The FMN riboswitch (also known as RFN element) is a highly conserved RNA element which is naturally occurring, and is found frequently in the 5'-untranslated regions of prokaryotic mRNAs that encode for flavin mononucleotide (FMN) biosynthesis and transport proteins. This element is a metabolite-dependent riboswitch that directly binds FMN in the absence of proteins, thus giving it the ability to regulate RNA expression by responding to changes in the concentration of FMN. In Bacillus subtilis, previous studies have shown that this bacterium utilizes at least two FMN riboswitches, where one controls translation initiation, and the other controls premature transcription termination. Regarding the second riboswitch in Bacilius subtilis, premature transcription termination occurs within the 5' untranslated region of the ribDEAHT operon, precluding access to the ribosome-binding site of ypaA mRNA. FMN riboswitches also have various magnesium and potassium ions dispersed throughout the nucleotide structure, some of which participate in binding of FMN.

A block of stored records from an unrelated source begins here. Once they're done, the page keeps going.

(* Let $N\ge1$, $\mathbf{S}=(\mathsf{SNR}_{s,r},\mathsf{SNR}_{s,1},\dots,\mathsf{SNR}_{s,N},\mathsf{SNR}_{r,1},\dots,\mathsf{SNR}_{r,N})\in[0,\infty)^{2N+1}$, $\rho\in[0,1]$, $\mathsf{C}(x)=\tfrac12\log(1+x)$, and for $j=1,\dots,N$ $$f_j(\rho,\mathbf{S})=\mathsf{SNR}_{s,j}+\mathsf{SNR}_{r,j}+2\rho\sqrt{\mathsf{SNR}_{s,j}\mathsf{SNR}_{r,j}},\qquad g^*_j(\rho,\mathbf{S})=(1-\rho^2)\,\mathsf{SNR}_{s,r},$$ $$R_{DF}(\rho,\mathbf{S})=\min_{1\le j\le N}\min\big(\mathsf{C}(f_j(\rho,\mathbf{S})),\mathsf{C}(g^*_j(\rho,\mathbf{S}))\big).$$ Then $R_{DF}(\rho,\mathbf{S})$ is concave in $\rho\in[0,1]$ for fixed $\mathbf{S}$, concave in $\mathbf{S}\in[0,\infty)^{2N+1}$ for fixed $\rho$, and the map $(t,\mathbf{S})\mapsto R_{DF}(\sqrt t,\mathbf{S})$ is quasi-concave on $[0,1]\times[0,\infty)^{2N+1}$ (i.e., quasi-concave in $(\rho^2,\mathbf{S})$).
   Context: $R_{DF}$ is the decode-forward rate expression for a real AWGN multicast relay channel with source $s$, relay $r$, destinations $1,\dots,N$, link SNRs $\mathsf{SNR}_{u,v}\ge0$ and source–relay input correlation coefficient $\rho$. A function $F$ on a convex set is quasi-concave if $F(\lambda x_1+(1-\lambda)x_2)\ge\min(F(x_1),F(x_2))$ for all $x_1,x_2$ and $\lambda\in[0,1]$. *)

From HB Require Import structures.
From mathcomp Require Import all_boot all_order all_algebra.
From mathcomp Require Import all_classical all_reals all_analysis.
Set Implicit Arguments. Unset Strict Implicit. Unset Printing Implicit Defensive.
Import Order.TTheory GRing.Theory Num.Theory.
Local Open Scope ring_scope.

(* The SNR vector S = (SNR_{s,r}, SNR_{s,1..N}, SNR_{r,1..N}) in R^{2N+1}. *)
Record snrvec (R : realType) (N : nat) := SNRVec {
  snr_sr : R;
  snr_s  : 'I_N -> R;
  snr_r  : 'I_N -> R
}.

Definition snr_nonneg (R : realType) (N : nat) (S : snrvec R N) : Prop :=
  0 <= snr_sr S /\ (forall j, 0 <= snr_s S j) /\ (forall j, 0 <= snr_r S j).

Definition snr_comb (R : realType) (N : nat) (l : R) (S1 S2 : snrvec R N)
  : snrvec R N :=
  SNRVec (l * snr_sr S1 + (1 - l) * snr_sr S2)
         (fun j => l * snr_s S1 j + (1 - l) * snr_s S2 j)
         (fun j => l * snr_r S1 j + (1 - l) * snr_r S2 j).

Definition Ccap (R : realType) (x : R) : R := ln (1 + x) / 2.

Definition f_j (R : realType) (N : nat) (rho : R) (S : snrvec R N) (j : 'I_N) : R :=
  snr_s S j + snr_r S j + 2 * rho * Num.sqrt (snr_s S j * snr_r S j).

Definition gstar_j (R : realType) (N : nat) (rho : R) (S : snrvec R N) (j : 'I_N) : R :=
  (1 - rho ^+ 2) * snr_sr S.

(* R_DF = min_{1<=j<=N} min(C(f_j), C(gstar_j)).  The big-min needs a seed;
   we seed it with C(gstar) (which does not depend on j), so for N >= 1 this is
   exactly the minimum over j. *)
Definition R_DF (R : realType) (N : nat) (rho : R) (S : snrvec R N) : R :=
  \big[Num.min/Ccap ((1 - rho ^+ 2) * snr_sr S)]_(j < N)
     Num.min (Ccap (f_j rho S j)) (Ccap (gstar_j rho S j)).

(* R_DF is a minimum of terms C(g) and C(f_j) with C concave and nondecreasing, so
   concavity (resp. quasi-concavity) of R_DF reduces to concavity (resp. quasi-concavity)
   of the arguments g and f_j.  In rho, f_j is affine and 1 - rho^2 is concave; in S,
   f_j is concave because the geometric mean sqrt (s r) is.  In (t, S), (1 - t) SNR_sr is
   a product of nonnegative affine maps, whose square root is a geometric mean, and the
   superlevel sets of x + y + 2 sqrt (t x y) are convex: where x + y < c they are the
   epigraph in t of (c - x - y)^2 / (4 x y), a convex function of (x, y), whose convexity
   is used through its tangent planes. *)

From HB Require Import structures.
From mathcomp Require Import all_boot all_order all_algebra.
From mathcomp Require Import all_classical all_reals all_analysis.
From mathcomp Require Import ring lra.
Import Order.TTheory GRing.Theory Num.Theory.
Local Open Scope ring_scope.
Set Implicit Arguments. Unset Strict Implicit.

Section ConvexCombinations.
Variable R : realFieldType.

Lemma conv_ler (l a1 a2 b1 b2 : R) : 0 <= l <= 1 -> a1 <= b1 -> a2 <= b2 ->
  l * a1 + (1 - l) * a2 <= l * b1 + (1 - l) * b2.
Proof. by move=> /andP[l0 l1] h1 h2; apply: lerD; apply: ler_wpM2l => //; lra. Qed.

Lemma mul_convE (l a1 a2 b1 b2 : R) :
  (l * a1 + (1 - l) * a2) * (l * b1 + (1 - l) * b2) =
  l ^+ 2 * (a1 * b1) + (1 - l) ^+ 2 * (a2 * b2) + l * (1 - l) * (a1 * b2 + a2 * b1).
Proof. by ring. Qed.

Lemma sqr_conv_le (l a1 a2 : R) : 0 <= l <= 1 ->
  (l * a1 + (1 - l) * a2) ^+ 2 <= l * a1 ^+ 2 + (1 - l) * a2 ^+ 2.
Proof.
move=> /andP[l0 l1]; rewrite -subr_ge0.
have -> : l * a1 ^+ 2 + (1 - l) * a2 ^+ 2 - (l * a1 + (1 - l) * a2) ^+ 2
  = l * (1 - l) * (a1 - a2) ^+ 2 by ring.
by rewrite mulr_ge0 ?sqr_ge0 // mulr_ge0 //; lra.
Qed.

End ConvexCombinations.

Section GeometricMean.
Variable R : rcfType.

Lemma sqrt_mul_concave (l s1 s2 r1 r2 : R) : 0 <= l <= 1 ->
  0 <= s1 -> 0 <= s2 -> 0 <= r1 -> 0 <= r2 ->
  l * Num.sqrt (s1 * r1) + (1 - l) * Num.sqrt (s2 * r2) <=
  Num.sqrt ((l * s1 + (1 - l) * s2) * (l * r1 + (1 - l) * r2)).
Proof.
move=> /andP[l0 l1] hs1 hs2 hr1 hr2.
set a := Num.sqrt (s1 * r1); set b := Num.sqrt (s2 * r2).
have ha : 0 <= a := sqrtr_ge0 _.
have hb : 0 <= b := sqrtr_ge0 _.
have ea : a ^+ 2 = s1 * r1 by rewrite sqr_sqrtr // mulr_ge0.
have eb : b ^+ 2 = s2 * r2 by rewrite sqr_sqrtr // mulr_ge0.
have amgm : 2 * (a * b) <= s1 * r2 + s2 * r1.
  rewrite -ler_sqr ?nnegrE ?addr_ge0 ?mulr_ge0 //.
  have -> : (2 * (a * b)) ^+ 2 = 4 * (a ^+ 2 * b ^+ 2) by ring.
  rewrite ea eb -subr_ge0.
  have -> : (s1 * r2 + s2 * r1) ^+ 2 - 4 * (s1 * r1 * (s2 * r2))
    = (s1 * r2 - s2 * r1) ^+ 2 by ring.
  exact: sqr_ge0.
have hL : 0 <= l * a + (1 - l) * b by rewrite addr_ge0 ?mulr_ge0 //; lra.
have hP : 0 <= (l * s1 + (1 - l) * s2) * (l * r1 + (1 - l) * r2).
  by rewrite mulr_ge0 ?addr_ge0 ?mulr_ge0 //; lra.
rewrite -(ger0_norm hL) -sqrtr_sqr ler_sqrt // mul_convE.
have -> : (l * a + (1 - l) * b) ^+ 2 =
  l ^+ 2 * a ^+ 2 + (1 - l) ^+ 2 * b ^+ 2 + l * (1 - l) * (2 * (a * b)) by ring.
rewrite ea eb lerD2l; apply: ler_wpM2l amgm.
by rewrite mulr_ge0 //; lra.
Qed.

Lemma mul_quasiconcave (l p1 p2 a1 a2 : R) : 0 <= l <= 1 ->
  0 <= p1 -> 0 <= p2 -> 0 <= a1 -> 0 <= a2 ->
  Num.min (p1 * a1) (p2 * a2) <= (l * p1 + (1 - l) * p2) * (l * a1 + (1 - l) * a2).
Proof.
move=> hl hp1 hp2 ha1 ha2; set m := Num.min _ _.
have hm : 0 <= m by rewrite le_min !mulr_ge0.
rewrite -ler_sqrt ?mulr_ge0 ?addr_ge0 ?mulr_ge0 //; try by case/andP: hl; lra.
apply: le_trans (sqrt_mul_concave hl hp1 hp2 ha1 ha2).
have -> : Num.sqrt m = l * Num.sqrt m + (1 - l) * Num.sqrt m by ring.
by apply: conv_ler => //; rewrite ler_sqrt ?mulr_ge0 // ge_min lexx ?orbT.
Qed.

End GeometricMean.

Section Tangent.
Variable R : realFieldType.
Implicit Types c x y X Y : R.

Lemma prod_sub_le_sqr x y X Y : 0 <= X -> 0 <= Y -> X <= x -> Y <= y ->
  x * y * ((x - X) * (y - Y)) <= (x * y - X * Y) ^+ 2.
Proof.
move=> hX hY hx hy.
have : 0 <= (x - X) * (y - Y) by apply: mulr_ge0; lra.
have : 0 <= X * (y - Y) by apply: mulr_ge0; lra.
have : 0 <= Y * (x - X) by apply: mulr_ge0; lra.
nra.
Qed.

Lemma prod_sub_le_sqr_rev x y X Y : 0 <= x -> 0 <= y -> x <= X -> y <= Y ->
  x * y * ((x - X) * (y - Y)) <= (x * y - X * Y) ^+ 2.
Proof.
move=> hx hy hX hY.
have : 0 <= (x - X) * (y - Y) by apply: mulr_le0; lra.
have : 0 <= x * (Y - y) by apply: mulr_ge0; lra.
have : 0 <= y * (X - x) by apply: mulr_ge0; lra.
nra.
Qed.

Lemma mul_le_sum_cross x y X Y : 0 <= x -> 0 <= y -> 0 <= X -> 0 <= Y ->
  X + Y <= x + y -> X * Y <= Y * x + X * y.
Proof. by move=> *; have [] := lerP X Y => ?; nra. Qed.

(* [(c - X - Y) * tangent c X Y x y / (X Y)^2] is the tangent plane at [(X, Y)] of
   [(c - x - y)^2 / (x y)]; it is affine in [(x, y)]. *)
Definition tangent c X Y x y :=
  (c - X - Y) * (X * Y) + 2 * (X * Y) * (c - x - y) - (c - X - Y) * (Y * x + X * y).

Lemma tangent_nonpos c x y X Y : 0 <= x -> 0 <= y -> 0 <= X -> 0 <= Y ->
  c - x - y <= 0 -> 0 <= c - X - Y -> (c - X - Y) * tangent c X Y x y <= 0.
Proof.
move=> hx hy hX hY hc hV.
have := mul_le_sum_cross hx hy hX hY ltac:(lra).
have : 0 <= X * Y by apply: mulr_ge0.
by move=> *; apply: mulr_ge0_le0 => //; rewrite /tangent; nra.
Qed.

Lemma tangent_le_sqr c x y X Y : 0 <= x -> 0 <= y -> 0 <= X -> 0 <= Y ->
  0 <= c - X - Y ->
  x * y * ((c - X - Y) * tangent c X Y x y) <= (c - x - y) ^+ 2 * (X * Y) ^+ 2.
Proof.
move=> hx hy hX hY hV; set V := c - X - Y.
set u := (x + y - X - Y) * (X * Y); set w := V * (x * y - X * Y).
rewrite -subr_ge0.
have -> : (c - x - y) ^+ 2 * (X * Y) ^+ 2 - x * y * (V * tangent c X Y x y)
    = (u + w) ^+ 2 - V ^+ 2 * (x * y * ((x - X) * (y - Y))).
  by rewrite /u /w /V /tangent; ring.
rewrite subr_ge0.
have hxy : 0 <= x * y by apply: mulr_ge0.
have hXY : 0 <= X * Y by apply: mulr_ge0.
(* when [(x, y) - (X, Y)] is comonotone, [u] and [w] have the same sign *)
have comonotone : 0 <= (x + y - X - Y) * (x * y - X * Y) ->
    x * y * ((x - X) * (y - Y)) <= (x * y - X * Y) ^+ 2 ->
    V ^+ 2 * (x * y * ((x - X) * (y - Y))) <= (u + w) ^+ 2.
  move=> hsign hsq; apply: le_trans (_ : w ^+ 2 <= _); last first.
    have : 0 <= u * w.
      have -> : u * w = X * Y * V * ((x + y - X - Y) * (x * y - X * Y)).
        by rewrite /u /w; ring.
      by apply: mulr_ge0 => //; apply: mulr_ge0.
    nra.
  by rewrite /w exprMn ler_wpM2l ?sqr_ge0.
have [hxX|hxX] := lerP X x; have [hyY|hyY] := lerP Y y.
- apply: comonotone; last exact: prod_sub_le_sqr.
  by rewrite mulr_ge0 ?subr_ge0 ?ler_pM //; lra.
- apply: le_trans (sqr_ge0 _); rewrite mulr_ge0_le0 ?sqr_ge0 // mulr_ge0_le0 //.
  by rewrite mulr_ge0_le0 //; lra.
- apply: le_trans (sqr_ge0 _); rewrite mulr_ge0_le0 ?sqr_ge0 // mulr_ge0_le0 //.
  by rewrite mulr_le0_ge0 //; lra.
apply: comonotone; last by apply: prod_sub_le_sqr_rev; lra.
by rewrite mulr_le0 ?subr_le0 ?ler_pM //; lra.
Qed.

End Tangent.

Section SnrSum.
Variable R : rcfType.
Implicit Types c t x y X Y : R.

Definition snr_sum t x y := x + y + 2 * Num.sqrt t * Num.sqrt (x * y).

Lemma addr_le_snr_sum t x y : x + y <= snr_sum t x y.
Proof. by rewrite /snr_sum lerDl !mulr_ge0 ?sqrtr_ge0. Qed.

Lemma snr_sum_mul0 t x y : x * y = 0 -> snr_sum t x y = x + y.
Proof. by move=> xy0; rewrite /snr_sum xy0 sqrtr0 mulr0 addr0. Qed.

Lemma sqr_snr_sum_cross t x y : 0 <= t -> 0 <= x * y ->
  (2 * Num.sqrt t * Num.sqrt (x * y)) ^+ 2 = 4 * t * (x * y).
Proof. by move=> ht hxy; rewrite !exprMn !sqr_sqrtr //; ring. Qed.

Lemma sqr_deficit_le c t x y : 0 <= t -> 0 <= x * y -> 0 <= c - x - y ->
  c <= snr_sum t x y -> (c - x - y) ^+ 2 <= 4 * t * (x * y).
Proof.
move=> ht hxy hd hc; rewrite -sqr_snr_sum_cross // ler_sqr ?nnegrE ?mulr_ge0 ?sqrtr_ge0 //.
by move: hc; rewrite /snr_sum; lra.
Qed.

Lemma le_snr_sum_of_sqr c t x y : 0 <= t -> 0 <= x * y ->
  (c - x - y) ^+ 2 <= 4 * t * (x * y) -> c <= snr_sum t x y.
Proof.
move=> ht hxy; rewrite -sqr_snr_sum_cross // -ler_sqrt ?sqr_ge0 // !sqrtr_sqr.
rewrite [`|2 * _ * _|]ger0_norm ?mulr_ge0 ?sqrtr_ge0 // /snr_sum => h.
by have := ler_norm (c - x - y); lra.
Qed.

In the bacterium Fusobacterium nucleatum, FMN binding has been studied. The FMN riboswitch is able to selectively bind the FMN molecule due to several distinct nucleic acid residues, as well as some of the magnesium ions present in the overall riboswitch structure. FMN's planar isoalloxazine ring system intercalates between A48 and A85 residues on the riboswitch, thereby providing a continuous stacking alignment. Further, the uracil-like edge of the ring system forms specific Watson–Crick-like hydrogen bonds with a highly conserved A99 residue on the riboswitch. An additional structural moiety of FMN, the ribityl group, uses one of its four oxygens for hydrogen bonding, whereas phosphate oxygens form additional hydrogen bonds with Watson–Crick edges of several conserved guanines. The interaction between the phosphate of FMN and the RNA is also bridged by a magnesium ion, which directly coordinates the phosphate oxygen of FMN and a G33 residue, and forms several water-mediated contacts with neighboring nucleotides.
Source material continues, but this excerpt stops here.